» Your objective: Your task is to quote the listing below exactly, beginning with its first line and ending on the line bearing "- exists (mkposreal _ (Rmin_pos".

*** Block opens ***

(* Let $A\in\mathbb{R}^{n\times n}$ be Metzler and Hurwitz stable, let $b_0\in\mathbb{R}^n_{\ge0}$, let $\mu,\theta,\eta,k_i,k_p>0$, and set $r:=\mu/\theta$, $g_1:=-e_n^TA^{-1}e_1$, $g_n:=-e_n^TA^{-1}e_n$, $g_0:=-e_n^TA^{-1}b_0$. Assume $g_1\neq0$. Consider the closed-loop system $$\dot x=Ax+k_iz_1e_1-k_px_nz_2e_n+b_0,\qquad \dot z_1=\mu-\eta z_1z_2,\qquad \dot z_2=\theta x_n-\eta z_1z_2,$$ with $x\in\mathbb{R}^n$, $z_1,z_2\in\mathbb{R}$. Then the polynomial $$P_1(z):=\eta g_1k_iz^2+(g_0-r)\eta z-g_nk_p\mu r$$ has exactly one positive root $z_1^*$, and the system has exactly one equilibrium $(x^*,z_1^*,z_2^* )$ with $z_1^*>0$; it is given by $x^*_n=r$, $$z_2^*=\frac{\mu}{\eta z_1^*},\qquad x^*=-A^{-1}\Big(k_iz_1^*e_1-\frac{k_p r\mu}{\eta z_1^*}e_n+b_0\Big).$$ Equivalently, $z_1^*=\mu/(\eta z_2^* )$ where $z_2^*$ is the unique positive root of $P_2(z):=-\eta g_nk_prz^2+(g_0-r)\eta z+g_1k_i\mu$.
   Context: $e_1,\dots,e_n$ is the standard basis of $\mathbb{R}^n$ and $x_n=e_n^Tx$. A real square matrix is Metzler if all its off-diagonal entries are nonnegative, and Hurwitz stable if all its eigenvalues have negative real part. *)

From HB Require Import structures.
From mathcomp Require Import all_boot all_order all_algebra.
From mathcomp Require Import complex.
Set Implicit Arguments. Unset Strict Implicit. Unset Printing Implicit Defensive.
Import Order.TTheory GRing.Theory Num.Theory.
Local Open Scope ring_scope.
Lemma extend_linear_deriv (U dU : R -> State) (t : R) :
  C1_H2 U dU -> 0 <= t ->
  derivable_pt_lim (fun s => sel (extend U dU s)) t (sel (dU t)).
Proof.
  intros HC1 Ht eps Heps.
  destruct (sel_right_deriv U dU t HC1 Ht eps Heps) as [d [Hd Hclose]].
  destruct (Rle_lt_or_eq_dec 0 t Ht) as [Htpos | <-].
  - exists (mkposreal _ (Rmin_pos d t Hd Htpos)). intros h Hh0 Hh. simpl in Hh.
    pose proof (Rmin_l d t). pose proof (Rmin_r d t). pose proof (Rabs_def2 h t ltac:(lra)).
    rewrite !extend_nonneg by lra. apply Hclose; lra.
  - exists (mkposreal _ Hd). intros h Hh0 Hh. simpl in Hh.
    destruct (Rle_dec 0 h) as [Hpos | Hneg].
    + rewrite !extend_nonneg by lra. apply Hclose; lra.
    + unfold extend. rewrite Rplus_0_l.
      destruct (Rle_dec 0 h); [contradiction |].
      destruct (Rle_dec 0 0); [| lra].
      rewrite sel_add, sel_scale.
      replace ((sel (U 0) + h * sel (dU 0) - sel (U 0)) / h - sel (dU 0)) with 0
        by (field; exact Hh0).
      rewrite Rabs_R0. exact Heps.
Qed.

End LinearCoefficient.

Record H2_functional (lin : State -> Cx) : Prop := {
  H2_functional_add : forall V W, lin (Sadd V W) = Cadd (lin V) (lin W);
  H2_functional_scale : forall r V, lin (Sscale r V) = Cscale r (lin V);
  H2_functional_bounded : exists c, forall V e, H2S_le V e -> Cnorm2 (lin V) <= c * e
}.

Lemma extend_Cnorm2_deriv (lin : State -> Cx) (U dU : R -> State) (t : R) :
  H2_functional lin -> C1_H2 U dU -> 0 <= t ->
  derivable_pt_lim (fun s => Cnorm2 (lin (extend U dU s))) t
    (2 * Cdot (lin (U t)) (lin (dU t))).
Proof.
  intros [Hadd Hscale [c Hc]] HC1 Ht.
  assert (Hre : derivable_pt_lim (fun s => re (lin (extend U dU s))) t (re (lin (dU t)))).
  { apply (extend_linear_deriv (fun V => re (lin V))) with (c := c); auto.
    - intros V W. rewrite Hadd. reflexivity.
    - intros r V. rewrite Hscale. reflexivity.
    - intros V e HV. pose proof (Hc V e HV). pose proof (pow2_ge_0 (im (lin V))).
      unfold Cnorm2 in *. lra. }
  assert (Him : derivable_pt_lim (fun s => im (lin (extend U dU s))) t (im (lin (dU t)))).
  { apply (extend_linear_deriv (fun V => im (lin V))) with (c := c); auto.
    - intros V W. rewrite Hadd. reflexivity.
    - intros r V. rewrite Hscale. reflexivity.
    - intros V e HV. pose proof (Hc V e HV). pose proof (pow2_ge_0 (re (lin V))).
      unfold Cnorm2 in *. lra. }
  replace (2 * Cdot (lin (U t)) (lin (dU t))) with
    (re (lin (dU t)) * re (lin (extend U dU t)) + re (lin (extend U dU t)) * re (lin (dU t))
     + (im (lin (dU t)) * im (lin (extend U dU t)) + im (lin (extend U dU t)) * im (lin (dU t))))
    by (rewrite extend_nonneg by exact Ht; unfold Cdot; ring).
  exact (derivable_pt_lim_plus _ _ t _ _
           (derivable_pt_lim_mult _ _ t _ _ Hre Hre) (derivable_pt_lim_mult _ _ t _ _ Him Him)).
Qed.

Definition mode_defect (a b : Z) (V : State) : R :=
  Cnorm2 (pd1 (sr V) a b) + Cnorm2 (pd2 (sr V) a b) + Cnorm2 (divg (su1 V) (su2 V) a b).

Definition mode_pairing (a b : Z) (V W : State) : R :=
  Cdot (pd1 (sr V) a b) (pd1 (sr W) a b) + Cdot (pd2 (sr V) a b) (pd2 (sr W) a b)
  + Cdot (divg (su1 V) (su2 V) a b) (divg (su1 W) (su2 W) a b).

Lemma mode_defect_ge0 (a b : Z) (V : State) : 0 <= mode_defect a b V.
Proof.
  unfold mode_defect.
  pose proof (Cnorm2_ge0 (pd1 (sr V) a b)). pose proof (Cnorm2_ge0 (pd2 (sr V) a b)).
  pose proof (Cnorm2_ge0 (divg (su1 V) (su2 V) a b)). lra.
Qed.

Lemma mode_defect_inE (a b : Z) (V : State) : inE V -> mode_defect a b V = 0.
Proof.
  intros (_ & Hgrad1 & Hgrad2 & Hdiv). unfold mode_defect.
  rewrite Hgrad1, Hgrad2, Hdiv. unfold Fzero, C0, Cnorm2. simpl. ring.
Qed.

Lemma inE_mode_defect (V : State) :
  inL2S V -> (forall a b, mode_defect a b V = 0) -> inE V.
Proof.
  intros HL2 Hdef.
  assert (Hzero : forall a b, pd1 (sr V) a b = C0 /\ pd2 (sr V) a b = C0
                              /\ divg (su1 V) (su2 V) a b = C0).
  { intros a b. specialize (Hdef a b). unfold mode_defect in Hdef.
    pose proof (Cnorm2_ge0 (pd1 (sr V) a b)). pose proof (Cnorm2_ge0 (pd2 (sr V) a b)).
    pose proof (Cnorm2_ge0 (divg (su1 V) (su2 V) a b)).
    repeat split; apply Cnorm2_eq0; lra. }
  repeat split; try apply HL2;
    do 2 (apply functional_extensionality; intros ?); apply Hzero.
Qed.

Lemma H2_functional_intro (lin : State -> Cx) (a b : Z) (k : R) :
  (forall V W, lin (Sadd V W) = Cadd (lin V) (lin W)) ->
  (forall r V, lin (Sscale r V) = Cscale r (lin V)) ->
  0 <= k -> (forall V, Cnorm2 (lin V) <= k * mode_norm2 V a b) ->
  H2_functional lin.
Proof.
  intros Hadd Hscale Hk Hbound. split; [exact Hadd | exact Hscale |].
  exists k. intros V e HV.
  pose proof (H2S_le_mode_norm2 V e a b HV).
  pose proof (Hbound V). pose proof (Rmult_le_compat_l k _ _ Hk H). lra.
Qed.
Definition GP (n k : nat) : rel (GPvert n) :=
  fun a b =>
    match a, b with
    | (false, i), (false, j) => (j == (i + 1) %% n :> nat) || (i == (j + 1) %% n :> nat)
    | (true, i), (true, j) => (j == (i + k) %% n :> nat) || (i == (j + k) %% n :> nat)
    | (false, i), (true, j) => i == j
    | (true, i), (false, j) => i == j
    end.
Arguments GP : clear implicits.

(* For n >= 16 the distances of GP(n,3) have a closed form, which is
   certified by checking that it vanishes at the source, grows by at most one
   along every edge and drops by exactly one along some edge at every other
   vertex.  A distance l is realised by u_0 and a suitable v_m, and the sets
   W_{u_0 v_m}, W_{v_m u_0} are compared through the pairs u_i, v_(m-i): with
   m = 3l-7 for l >= 7, m = 3l-5 for l = 5, 6 and m = 0, 1, 4, 9 for
   l = 1, ..., 4, every pair away from a few indices near 0 leans towards v_m,
   and near 0 the balance is computed explicitly.  The orders 17 <= n <= 25
   and the 5-distance-balanced graph GP(16,3), of diameter 6, are settled by
   computation. *)

From mathcomp Require Import all_boot zify.
Set Implicit Arguments. Unset Strict Implicit. Unset Printing Implicit Defensive.

Section DistancePotential.
Variables (T : finType) (e : rel T) (x : T) (g : T -> nat).
Hypothesis g_root : g x = 0.
Hypothesis g_edge : forall y z, e y z -> g z <= (g y).+1.
Hypothesis g_pred : forall y, y != x -> exists2 z, e z y & (g z).+1 = g y.
Hypothesis g_small : forall y, g y < #|T|.

Lemma potential_path p z : path e z p -> g (last z p) <= g z + size p.
Proof.
elim: p z => [|a p IH] z /=; first by rewrite addn0.
by case/andP=> /g_edge ez /IH; rewrite addnS; lia.
Qed.

Lemma walk_of_len_potential_le y d : walk_of_len e x y d -> g y <= d.
Proof.
case/existsP=> p /andP[/potential_path + /eqP <-].
by rewrite g_root size_tuple.
Qed.

Lemma walk_of_len_potential k y : g y = k -> walk_of_len e x y k.
Proof.
elim: k y => [|k IH] y gy.
  have -> : y = x by apply/eqP/negPn/negP => /g_pred[z _]; rewrite gy.
  by apply/existsP; exists [tuple]; rewrite /= eqxx.
have /g_pred[z ezy gz] : y != x by apply/eqP=> yx; rewrite yx g_root in gy.
have /existsP[p /andP[pp /eqP pz]] := IH z (congr1 predn (etrans gz gy)).
have sz : size (rcons p y) == k.+1 by rewrite size_rcons size_tuple.
by apply/existsP; exists (Tuple sz); rewrite /= rcons_path pp pz ezy last_rcons eqxx.
Qed.

Lemma gdist_potential y : gdist e x y = g y.
Proof.
rewrite /gdist -(subnKC (ltnW (g_small y))) iotaD find_cat size_iota add0n.
have -> : has (walk_of_len e x y) (iota 0 (g y)) = false.
  apply/hasP=> -[d]; rewrite mem_iota add0n => /andP[_ ltd] /walk_of_len_potential_le.
  by rewrite leqNgt ltd.
have /prednK <- : 0 < #|T| - g y by rewrite subn_gt0.
by rewrite /= walk_of_len_potential ?addn0.
Qed.

End DistancePotential.

(* [lia] is much faster once every non-truncating subtraction is named. *)
Ltac abstract_subn := repeat match goal with
  | |- context [?a - ?b] =>
      lazymatch a with context [_ - _] => fail | _ => idtac end;
      lazymatch b with context [_ - _] => fail | _ => idtac end;
      let k := fresh "k" in let hk := fresh "hk" in
      have [k [-> hk]] : exists k, a - b = k /\ k + b = a by exists (a - b); split => //; lia
  end.

Ltac split_minn := repeat match goal with
  | |- context [minn ?a ?b] =>
      let h := fresh "hm" in
      case: (leqP a b) => h; [rewrite (minn_idPl h) | rewrite (minn_idPr (ltnW h))]
  end.

Ltac split_if := repeat match goal with |- context [if _ then _ else _] => case: ifP => ? end.

Lemma modn_lt2 a n : a < n.*2 -> a %% n = if a < n then a else a - n.
Proof.
move=> h; case: ifP => h2; first by rewrite modn_small.
have na : n <= a by rewrite leqNgt h2.
by rewrite -[in LHS](subnK na) modnDr modn_small //; lia.
Qed.

(* Length of a shortest walk that never moves backwards, from a vertex of kind
   [a] (false: outer u, true: inner v) to the vertex of kind [b] lying [r]
   positions further on: [r %/ 3] inner edges, [r %% 3] rim edges and the
   spokes needed to switch cycles (or, between outer vertices, the rim alone). *)
Definition gp3_arc (a b : bool) (r : nat) : nat :=
  match a, b with
  | false, false => minn r (r %/ 3 + r %% 3 + 2)
  | true, true => r %/ 3 + r %% 3 + 2 * minn (r %% 3) 1
  | _, _ => r %/ 3 + r %% 3 + 1
  end.

Definition gp3_dist (a b : bool) (n r : nat) : nat :=
  minn (gp3_arc a b r) (gp3_arc a b (n - r)).

Ltac gp3_lia := rewrite /gp3_dist /gp3_arc; split_if; abstract_subn; split_minn; lia.

Definition gp3_jump (b : bool) : nat := if b then 3 else 1.

Lemma gp3_dist_jump a b n r : 16 <= n -> r < n ->
  gp3_dist a b n ((r + gp3_jump b) %% n) <= (gp3_dist a b n r).+1 /\
  gp3_dist a b n r <= (gp3_dist a b n ((r + gp3_jump b) %% n)).+1.
Proof.
move=> ? ?; rewrite /gp3_jump modn_lt2; last by case: b; lia.
by case: a; case: b; split; gp3_lia.
Qed.

Lemma gp3_dist_spoke a n r : 16 <= n -> r < n ->
  gp3_dist a true n r <= (gp3_dist a false n r).+1 /\
  gp3_dist a false n r <= (gp3_dist a true n r).+1.
Proof. by move=> ? ?; case: a; split; gp3_lia. Qed.
(* An open set is a union of cylinders [agree n xi], and the cylinder around
   [sample_traj pi u] depends only on the first [n] digits of [u]. *)
Lemma measurable_sample_traj pi : measurable_fun setT (sample_traj pi).
Proof.
apply: (@measurability _ _ _ _ setT (sample_traj pi) (@xi_open 1 1)) => //.
move=> _ [B oB <-]; rewrite setTI.
have -> : sample_traj pi @^-1` B = \bigcup_n \bigcup_(b in [set: n.-tuple bool])
    (digit_prefix pi n (nth false b) `&`
     [set _ | [set xi | agree n (traj_of_digits (nth false b)) xi] `<=` B]).
  apply/seteqP; split=> u /=.
    move=> /oB [n hn]; exists n => //.
    exists [tuple sample_digits pi u i | i < n] => //.
    split=> [t tn|xi]; first by rewrite nth_mktuple_nat.
    move=> /agree_traj_of_digits hxi; apply/hn/hxi => t tn.
    by rewrite nth_mktuple_nat.
  move=> [n _ [b _ [hd hB]]]; apply: hB.
  by split=> // t tn /=; rewrite hd.
apply: bigcupT_measurable => n; apply: fin_bigcup_measurable => [|b _].
  exact: finite_finset.
by apply: measurableI; [exact: measurable_digit_prefix | exact: measurable_cst_set].
Qed.

Lemma measurable_unit_itv : measurable unit_itv.
Proof. exact: measurable_itv. Qed.

Definition unif01 := mrestr lebesgue_measure measurable_unit_itv.

Lemma unif01_setT : unif01 setT = 1%E.
Proof.
by rewrite /unif01 /mrestr setTI lebesgue_measure_itv /= lte_fin ltr01 oppr0 adde0.
Qed.

HB.instance Definition _ := Measure.on unif01.

HB.instance Definition _ := Measure_isProbability.Build _ _ _ unif01 unif01_setT.

Lemma unif01_digit_prefix pi n b :
  unif01 (digit_prefix pi n b) = (cell_len (action0_prob pi) n b)%:E.
Proof.
rewrite /unif01 /mrestr; have [L ->] := digit_prefix_unit_itv pi n b.
have w0 := cell_len_ge0 n b (action0_prob_ge0_le1 pi).
rewrite lebesgue_measure_itv /= lte_fin; case: ifPn => [_|].
  by congr (_%:E); ring.
by rewrite -leNgt => hw; congr (_%:E); lra.
Qed.

HB.instance Definition _ pi :=
  isMeasurableFun.Build _ _ _ _ (sample_traj pi) (measurable_sample_traj pi).

Definition traj_prob pi : probability (XiM 1 1) R :=
  distribution unif01 (sample_traj pi).

Lemma traj_probE pi A : traj_prob pi A = unif01 (sample_traj pi @^-1` A).
Proof. by []. Qed.

Definition consistent_states n (s : nat -> 'I_2) :=
  s 0%N = ord0 /\ forall t, (0 < t <= n)%N -> s t = ord_max.

Lemma preimage_cyl pi n s a : consistent_states n s ->
  sample_traj pi @^-1` cyl n s a = digit_prefix pi n (fun t => a t == ord0).
Proof.
move=> [s0 sS]; apply/seteqP; split=> u /= hu t tn.
  have [_ /(_ tn)] := hu t (ltnW tn).
  by rewrite /act /=; case: sample_digits => <-.
split=> [|tn']; first by case: t tn => [|t] tn /=; [rewrite s0 | rewrite sS].
by rewrite /act /= hu //; case: (ord2P (a t)) => ->.
Qed.

Lemma preimage_cyl_inconsistent pi n s a : ~ consistent_states n s ->
  sample_traj pi @^-1` cyl n s a = set0.
Proof.
move=> hs; apply/seteqP; split=> u //= hu; apply: hs; split.
  by have [<-] := hu 0%N isT.
by case=> [//|t] /andP [_ tn]; have [<-] := hu t.+1 tn.
Qed.

Lemma cyl_prob_once_env pi n s a : consistent_states n s ->
  cyl_prob once_env pi n s a =
  cell_len (action0_prob pi) n (fun t => a t == ord0).
Proof.
move=> [s0 sS]; rewrite /cyl_prob /= s0 mul1r; apply: eq_bigr => i _.
have si : s i = if nat_of_ord i is 0 then ord0 else ord_max.
  by case: i => -[|i] hi //=; apply: sS => /=; exact: ltnW.
by rewrite (sS i.+1) ?ltn_ord //= subr0 mulr1 si /action0_prob digit_weight_dist.
Qed.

*** Block closes ***

» Exercise result:
(* Let $A\in\mathbb{R}^{n\times n}$ be Metzler and Hurwitz stable, let $b_0\in\mathbb{R}^n_{\ge0}$, let $\mu,\theta,\eta,k_i,k_p>0$, and set $r:=\mu/\theta$, $g_1:=-e_n^TA^{-1}e_1$, $g_n:=-e_n^TA^{-1}e_n$, $g_0:=-e_n^TA^{-1}b_0$. Assume $g_1\neq0$. Consider the closed-loop system $$\dot x=Ax+k_iz_1e_1-k_px_nz_2e_n+b_0,\qquad \dot z_1=\mu-\eta z_1z_2,\qquad \dot z_2=\theta x_n-\eta z_1z_2,$$ with $x\in\mathbb{R}^n$, $z_1,z_2\in\mathbb{R}$. Then the polynomial $$P_1(z):=\eta g_1k_iz^2+(g_0-r)\eta z-g_nk_p\mu r$$ has exactly one positive root $z_1^*$, and the system has exactly one equilibrium $(x^*,z_1^*,z_2^* )$ with $z_1^*>0$; it is given by $x^*_n=r$, $$z_2^*=\frac{\mu}{\eta z_1^*},\qquad x^*=-A^{-1}\Big(k_iz_1^*e_1-\frac{k_p r\mu}{\eta z_1^*}e_n+b_0\Big).$$ Equivalently, $z_1^*=\mu/(\eta z_2^* )$ where $z_2^*$ is the unique positive root of $P_2(z):=-\eta g_nk_prz^2+(g_0-r)\eta z+g_1k_i\mu$.
   Context: $e_1,\dots,e_n$ is the standard basis of $\mathbb{R}^n$ and $x_n=e_n^Tx$. A real square matrix is Metzler if all its off-diagonal entries are nonnegative, and Hurwitz stable if all its eigenvalues have negative real part. *)

From HB Require Import structures.
From mathcomp Require Import all_boot all_order all_algebra.
From mathcomp Require Import complex.
Set Implicit Arguments. Unset Strict Implicit. Unset Printing Implicit Defensive.
Import Order.TTheory GRing.Theory Num.Theory.
Local Open Scope ring_scope.
Lemma extend_linear_deriv (U dU : R -> State) (t : R) :
  C1_H2 U dU -> 0 <= t ->
  derivable_pt_lim (fun s => sel (extend U dU s)) t (sel (dU t)).
Proof.
  intros HC1 Ht eps Heps.
  destruct (sel_right_deriv U dU t HC1 Ht eps Heps) as [d [Hd Hclose]].
  destruct (Rle_lt_or_eq_dec 0 t Ht) as [Htpos | <-].
  - exists (mkposreal _ (Rmin_pos d t Hd Htpos)). intros h Hh0 Hh. simpl in Hh.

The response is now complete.